DATA LISTING Start Marker
(* Let $S\subseteq\mathbb{R}^n$ be a closed set, $H$ an affine hyperplane, and $C\subseteq\mathbb{R}^n$ a convex $S$-free set. Assume $C=\{x\in\mathbb{R}^n : \alpha^\mathsf{T} x\le\beta\ \forall(\alpha,\beta)\in\Gamma\}$ for some family $\Gamma$ of inequalities, and that for every $(\alpha,\beta)\in\Gamma$ there is a point $x\in S\cap C\cap H$ that exposes $(\alpha,\beta)$ with respect to $C$. Then $C$ is maximal $S$-free with respect to $H$.
   Context: A convex set $C$ is $S$-free if $\operatorname{int}(C)\cap S=\emptyset$. Given an affine hyperplane $H$, a closed convex $C$ is $S$-free with respect to $H$ if the interior of $C\cap H$ relative to $H$ does not meet $S\cap H$; it is maximal $S$-free with respect to $H$ if for every closed convex $C'\supseteq C$ that is $S$-free with respect to $H$, $C'\cap H\subseteq C\cap H$. An inequality $\alpha^\mathsf{T} x\le\beta$ (written $(\alpha,\beta)$) is valid for $C$ if it holds on $C$; it is non-trivial if $\alpha\neq0$. A point $x_0$ exposes a valid inequality $(\alpha,\beta)$ with respect to convex $C$ if $\alpha^\mathsf{T} x_0=\beta$ and for every non-trivial valid inequality $\gamma^\mathsf{T} x\le\delta$ for $C$ with $\gamma^\mathsf{T} x_0=\delta$ there is $\mu>0$ with $\gamma=\mu\alpha$ and $\delta=\mu\beta$. *)

From HB Require Import structures.
From mathcomp Require Import all_boot all_order all_algebra.
From mathcomp Require Import all_classical all_reals all_analysis.
Set Implicit Arguments. Unset Strict Implicit. Unset Printing Implicit Defensive.
Import Order.TTheory GRing.Theory Num.Theory.
Import numFieldNormedType.Exports.
Local Open Scope classical_set_scope.
Local Open Scope ring_scope.

Section Defs.
Variables (R : realType) (n : nat).
Local Notation V := 'rV[R]_n.

Definition dotp (a x : V) : R := \sum_(i < n) a 0 i * x 0 i.

(* the affine hyperplane {x | a^T x = b}, a hyperplane when a != 0 *)
Definition hyperplane (a : V) (b : R) : set V := [set x | dotp a x = b].

Definition convexR (C : set V) : Prop :=
  forall x y, C x -> C y -> forall t : R, 0 <= t -> t <= 1 ->
    C (t *: x + (1 - t) *: y).

Definition S_free (S C : set V) : Prop := interior C `&` S = set0.

Definition rel_interior (H A : set V) : set V :=
  [set x | A x /\ H x /\ exists2 e : R, 0 < e &
     forall y, H y -> `|y - x| < e -> A y].

Definition S_free_wrt (S H C : set V) : Prop :=
  rel_interior H (C `&` H) `&` (S `&` H) = set0.

Definition maximal_S_free_wrt (S H C : set V) : Prop :=
  forall C' : set V, closed C' -> convexR C' -> C `<=` C' ->
    S_free_wrt S H C' -> C' `&` H `<=` C `&` H.

Definition valid_ineq (C : set V) (p : V * R) : Prop :=
  forall x, C x -> dotp p.1 x <= p.2.

Definition exposes (x0 : V) (p : V * R) (C : set V) : Prop :=
  dotp p.1 x0 = p.2 /\
  forall q : V * R, valid_ineq C q -> q.1 != 0 -> dotp q.1 x0 = q.2 ->
    exists2 mu : R, 0 < mu & q.1 = mu *: p.1 /\ q.2 = mu * p.2.

End Defs.

From HB Require Import structures.
From mathcomp Require Import all_boot all_order all_algebra.
From mathcomp Require Import all_classical all_reals all_analysis.
From mathcomp Require Import ring lra.
Import Order.TTheory GRing.Theory Num.Theory.
Import numFieldNormedType.Exports.
Local Open Scope classical_set_scope.
Local Open Scope ring_scope.

(* If C' contains C, is closed, convex and S-free relative to H, then no exposing
   point x in S /\ C /\ H can lie in the interior of C'.  Hence C' has a supporting
   hyperplane at x, whose inequality is valid for C and tight at x; as x exposes
   (alpha, beta), it is a positive multiple of (alpha, beta), which is therefore
   valid on C'.  So every point of C' /\ H satisfies all of Gamma, i.e. lies in C.
   The supporting hyperplane is the limit of unit normals (z - p)/|z - p|, where z
   runs over points outside C' close to x and p is the nearest point of C' to z. *)

Section Dotp.
Context {R : realType} {n : nat}.
Implicit Types (u v w : 'rV[R]_n) (k : R).

Lemma dotpC u v : dotp u v = dotp v u.
Proof. by apply: eq_bigr => i _; rewrite mulrC. Qed.

Lemma dotpDr u v w : dotp u (v + w) = dotp u v + dotp u w.
Proof. by rewrite /dotp -big_split; apply: eq_bigr => i _; rewrite mxE mulrDr. Qed.

Lemma dotpNr u v : dotp u (- v) = - dotp u v.
Proof. by rewrite /dotp -sumrN; apply: eq_bigr => i _; rewrite mxE mulrN. Qed.

Lemma dotpBr u v w : dotp u (v - w) = dotp u v - dotp u w.
Proof. by rewrite dotpDr dotpNr. Qed.

Lemma dotpZr k u v : dotp u (k *: v) = k * dotp u v.
Proof. by rewrite /dotp mulr_sumr; apply: eq_bigr => i _; rewrite mxE mulrCA. Qed.

Lemma dotpBl u v w : dotp (u - v) w = dotp u w - dotp v w.
Proof. by rewrite dotpC dotpBr !(dotpC w). Qed.

Lemma dotpZl k u v : dotp (k *: u) v = k * dotp u v.
Proof. by rewrite dotpC dotpZr dotpC. Qed.

Lemma dotpp_subZ k u v :
  dotp (u - k *: v) (u - k *: v) = dotp u u - 2 * k * dotp u v + k ^+ 2 * dotp v v.
Proof. by rewrite !dotpBl !dotpBr !dotpZl !dotpZr (dotpC v u); ring. Qed.

Lemma dotpp_ge0 v : 0 <= dotp v v.
Proof. by apply: sumr_ge0 => i _; rewrite -expr2 sqr_ge0. Qed.

Lemma normr_coord_le v i : `|v 0 i| <= `|v|.
Proof.
rewrite [leRHS]/Num.norm /= mx_normrE; apply/bigmax_geP; right => /=.
by exists (0, i).
Qed.

Lemma sqr_normr_le_dotpp v : `|v| ^+ 2 <= dotp v v.
Proof.
have [v0|/mx_norm_neq0 [[i j] vij]] := eqVneq `|v| 0; first by rewrite v0 expr0n dotpp_ge0.
rewrite /Num.norm /= vij /= ord1 real_normK ?num_real // expr2 /dotp (bigD1 j) //=.
by rewrite lerDl; apply: sumr_ge0 => l _; rewrite -expr2 sqr_ge0.
Qed.

Lemma dotp_le_norm u v : dotp u v <= n%:R * (`|u| * `|v|).
Proof.
rewrite mulr_natl -[n in _ *+ n]card_ord -sumr_const; apply: ler_sum => i _.
apply: le_trans (ler_norm _) _; rewrite normrM.
by apply: ler_pM => //; apply: normr_coord_le.
Qed.

Lemma continuous_dotp {T : topologicalType} (f g : T -> 'rV[R]_n) :
  continuous f -> continuous g -> continuous (fun t => dotp (f t) (g t)).
Proof.
move=> cf cg; apply: continuous_big => [|i _ t]; first exact: add_continuous.
apply: continuousM.
  exact: continuous_comp (cf t) (@coord_continuous R 1 n 0 i (f t)).
exact: continuous_comp (cg t) (@coord_continuous R 1 n 0 i (g t)).
Qed.

End Dotp.

Section SupportingHyperplane.
Context {R : realType} {n : nat}.
Implicit Types (K : set 'rV[R]_n) (p x z : 'rV[R]_n).

Lemma closed_norm_le_compact K r :
  closed K -> (forall v, K v -> `|v| <= r) -> compact K.
Proof.
move=> cK Kr; apply: bounded_closed_compact cK; exists r; split; first exact: num_real.
by move=> M rM v /Kr /le_lt_trans /(_ rM) /ltW.
Qed.

Lemma closed_nearest_point K z : closed K -> K !=set0 ->
  exists2 p, K p & forall w, K w -> dotp (z - p) (z - p) <= dotp (z - w) (z - w).
Proof.
move=> cK [x Kx].
pose d w := dotp (z - w) (z - w).
have cd : continuous d.
  by apply: continuous_dotp => w; apply: continuousB => //; exact: cst_continuous.
pose L := K `&` [set w | d w <= d x].
have cL : compact L.
  apply: (closed_norm_le_compact _ (`|z| + (1 + d x))).
    apply: closedI => //.
    apply: (@preimage_closed _ _ d [set y | y <= d x]); last exact: closed_le.
    by move=> w _; exact: cd.
  move=> w [_ /= dw]; have := sqr_normr_le_dotpp (z - w); rewrite -/(d w) => zw.
  have -> : w = z - (z - w) by rewrite opprB addrC subrK.
  apply: le_trans (ler_normB _ _) _; rewrite lerD2l.
  have := normr_ge0 (z - w); nra.
have [p Lp pmin] := EVT_min_rV (ex_intro _ x (conj Kx (lexx _))) cL (continuous_subspaceT cd).
move: Lp; rewrite inE => -[Kp dp]; exists p => // w Kw.
have [dw|dw] := leP (d w) (d x); first by apply: pmin; rewrite inE.
exact: ltW (le_lt_trans dp dw).
Qed.

Lemma nearest_point_obtuse {K p z} : convexR K -> K p ->
  (forall w, K w -> dotp (z - p) (z - p) <= dotp (z - w) (z - w)) ->
  forall w, K w -> dotp (z - p) (w - p) <= 0.
Proof.
move=> cvxK Kp pmin w Kw; rewrite leNgt; apply/negP => c_gt0.
set c := dotp (z - p) (w - p) in c_gt0.
set D := dotp (w - p) (w - p).
have D_ge0 : 0 <= D := dotpp_ge0 _.
(* Moving from p towards w by t would bring the point strictly closer to z. *)
pose t := c / (D + c).
have Dc_gt0 : 0 < D + c by lra.
have tDc : t * (D + c) = c by rewrite /t divfK ?gt_eqF.
have t_gt0 : 0 < t by rewrite divr_gt0.
have t_le1 : t <= 1 by rewrite ler_pdivrMr // mul1r; lra.
have := pmin _ (cvxK _ _ Kw Kp t (ltW t_gt0) t_le1).
have -> : z - (t *: w + (1 - t) *: p) = (z - p) - t *: (w - p).
  by apply/rowP => i; rewrite !mxE; ring.
rewrite dotpp_subZ -/c -/D; nra.
Qed.

Lemma boundary_normal_approx {K x} : closed K -> convexR K -> K x -> ~ interior K x ->
  forall e, 0 < e -> exists g, `|g| = 1 /\ forall w, K w -> dotp g (w - x) <= e.
Proof.
move=> cK cvxK Kx xnint e e_gt0.
(* [dotp_le_norm] costs a factor n for the max-norm; [eps] absorbs it. *)
pose eps := e / n.+1%:R.
have eps_gt0 : 0 < eps by rewrite divr_gt0.
have [z /= zx zK] : exists2 z, ball x eps z & ~ K z.
  apply: contrapT => noz; apply: xnint; apply/nbhs_ballP; exists eps => // z xz.
  by apply: contrapT => zK; apply: noz; exists z.
move: zx; rewrite -ball_normE /= distrC => zx.
have [p Kp pmin] := closed_nearest_point K z cK (ex_intro _ x Kx).
pose m := `|z - p|.
have m_gt0 : 0 < m by rewrite normr_gt0 subr_eq0; apply: contra_notN zK => /eqP ->.
exists (m^-1 *: (z - p)); split.
  by rewrite normrZ ger0_norm ?invr_ge0 ?ltW // mulVf ?gt_eqF.
move=> w Kw; rewrite dotpZl mulrC ler_pdivrMr //.
have -> : w - x = (w - p) - (z - p) + (z - x) by rewrite opprB !subrKA.
rewrite dotpDr dotpBr.
have nzx : n%:R * `|z - x| <= e.
  have : n.+1%:R * `|z - x| <= e by rewrite -ler_pdivlMl ?ltr0n // mulrC ltW.
  by rewrite -natr1 mulrDl mul1r; have := normr_ge0 (z - x); lra.
have := ler_wpM2l (ltW m_gt0) nzx; rewrite mulrCA (mulrC m e).
have := nearest_point_obtuse cvxK Kp pmin w Kw; have := dotpp_ge0 (z - p).
have := dotp_le_norm (z - p) (z - x); rewrite -/m; lra.
Qed.

Lemma supporting_hyperplane {K x} : closed K -> convexR K -> K x -> ~ interior K x ->
  exists2 g, g != 0 & forall w, K w -> dotp g w <= dotp g x.
Proof.
move=> cK cvxK Kx xnint.
have approx k : exists g : 'rV[R]_n,
    `|g| = 1 /\ forall w, K w -> dotp g (w - x) <= k.+1%:R^-1.
  by apply: boundary_normal_approx; rewrite ?invr_gt0.
have [G HG] := choice approx.
pose sphere := [set g : 'rV[R]_n | `|g| = 1].
have csphere : compact sphere.
  apply: (closed_norm_le_compact _ 1) => [|g /= ->//].
  apply: (@preimage_closed _ R (fun g : 'rV[R]_n => `|g|) [set 1]); last exact: closed_eq.
  by move=> g _; exact: norm_continuous.
have Gsphere : (G @ \oo) sphere by exists 0%N => // k _; case: (HG k).
have [gam [gam1 clgam]] := csphere _ _ Gsphere.
exists gam; first by rewrite -normr_eq0 gam1 oner_neq0.
move=> w Kw; rewrite -subr_le0 -dotpBr.
have gam_le k : dotp gam (w - x) <= k.+1%:R^-1.
  pose A := [set g : 'rV[R]_n | dotp g (w - x) <= k.+1%:R^-1].
  have cA : closed A.
    apply: (@preimage_closed _ R (fun g : 'rV[R]_n => dotp g (w - x))
      [set y | y <= k.+1%:R^-1]); last exact: closed_le.
    by move=> g _; apply: continuous_dotp => [y|]; [exact: cvg_id | exact: cst_continuous].
  have GA : (G @ \oo) A.
    exists k => // j /= kj; apply: le_trans ((HG j).2 w Kw) _.
    by rewrite lef_pV2 ?posrE // ler_nat.
  move: clgam; rewrite clusterE => /(_ A GA).
  by rewrite -(proj1 (closure_id A) cA).
rewrite leNgt; apply/negP => /ltr_add_invr [k]; rewrite add0r.
by apply/negP; rewrite -leNgt.
Qed.

End SupportingHyperplane.

Lemma S_free_wrt_not_interior {R : realType} {n : nat} {S H C : set 'rV[R]_n} {x} :
  S_free_wrt S H C -> S x -> H x -> ~ interior C x.
Proof.
move=> SfH Sx Hx /nbhs_ballP [e e_gt0 Ce].
suff : set0 x by [].
rewrite -SfH; split; last by [].
split; first by split => //; apply: Ce; exact: ballxx.
split => //; exists e => // y Hy xy; split => //.
by apply: Ce; rewrite -ball_normE /= distrC.
Qed.

Lemma exposed_ineq_valid_superset {R : realType} {n : nat} {C C' : set 'rV[R]_n} {x p} :
  closed C' -> convexR C' -> C `<=` C' -> C x -> ~ interior C' x ->
  exposes x p C -> valid_ineq C' p.
Proof.
move=> cC' cvxC' CC' Cx xnint [_ xexp].
have [g g_neq0 gsupp] := supporting_hyperplane cC' cvxC' (CC' _ Cx) xnint.
have [mu mu_gt0 [gE gxE]] := xexp (g, dotp g x) (fun w Cw => gsupp w (CC' _ Cw)) g_neq0 erefl.
move=> w C'w; rewrite -(ler_pM2l mu_gt0) -gxE -dotpZl -gE.
exact: gsupp.
Qed.

Theorem theorem3 (R : realType) (n : nat) (S : set 'rV[R]_n)
  (a : 'rV[R]_n) (b : R) (C : set 'rV[R]_n) (Gamma : set ('rV[R]_n * R)) :
  closed S ->
  a != 0 ->
  convexR C ->
  S_free S C ->
  C = [set x | forall p, Gamma p -> dotp p.1 x <= p.2] ->
  (forall p, Gamma p -> exists x, [/\ S x, C x, hyperplane a b x & exposes x p C]) ->
  maximal_S_free_wrt S (hyperplane a b) C.
Proof.
move=> _ _ _ _ CE Cexp C' cC' cvxC' CC' SfH y [C'y Hy]; split => //.
rewrite CE => p Gp; have [x [Sx Cx Hx xp]] := Cexp p Gp.
have xnint := S_free_wrt_not_interior SfH Sx Hx.
exact: exposed_ineq_valid_superset cC' cvxC' CC' Cx xnint xp _ C'y.
Qed.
DATA LISTING End Marker
:: PROBLEM DESCRIPTION ::
What you give back should be only the lines of the records above, starting at the line with "Lemma closed_nearest_point K" and ending at the line with "pose L := K", restated word for word.

:: TASK ANSWER ::
Lemma closed_nearest_point K z : closed K -> K !=set0 ->
  exists2 p, K p & forall w, K w -> dotp (z - p) (z - p) <= dotp (z - w) (z - w).
Proof.
move=> cK [x Kx].
pose d w := dotp (z - w) (z - w).
have cd : continuous d.
  by apply: continuous_dotp => w; apply: continuousB => //; exact: cst_continuous.
pose L := K `&` [set w | d w <= d x].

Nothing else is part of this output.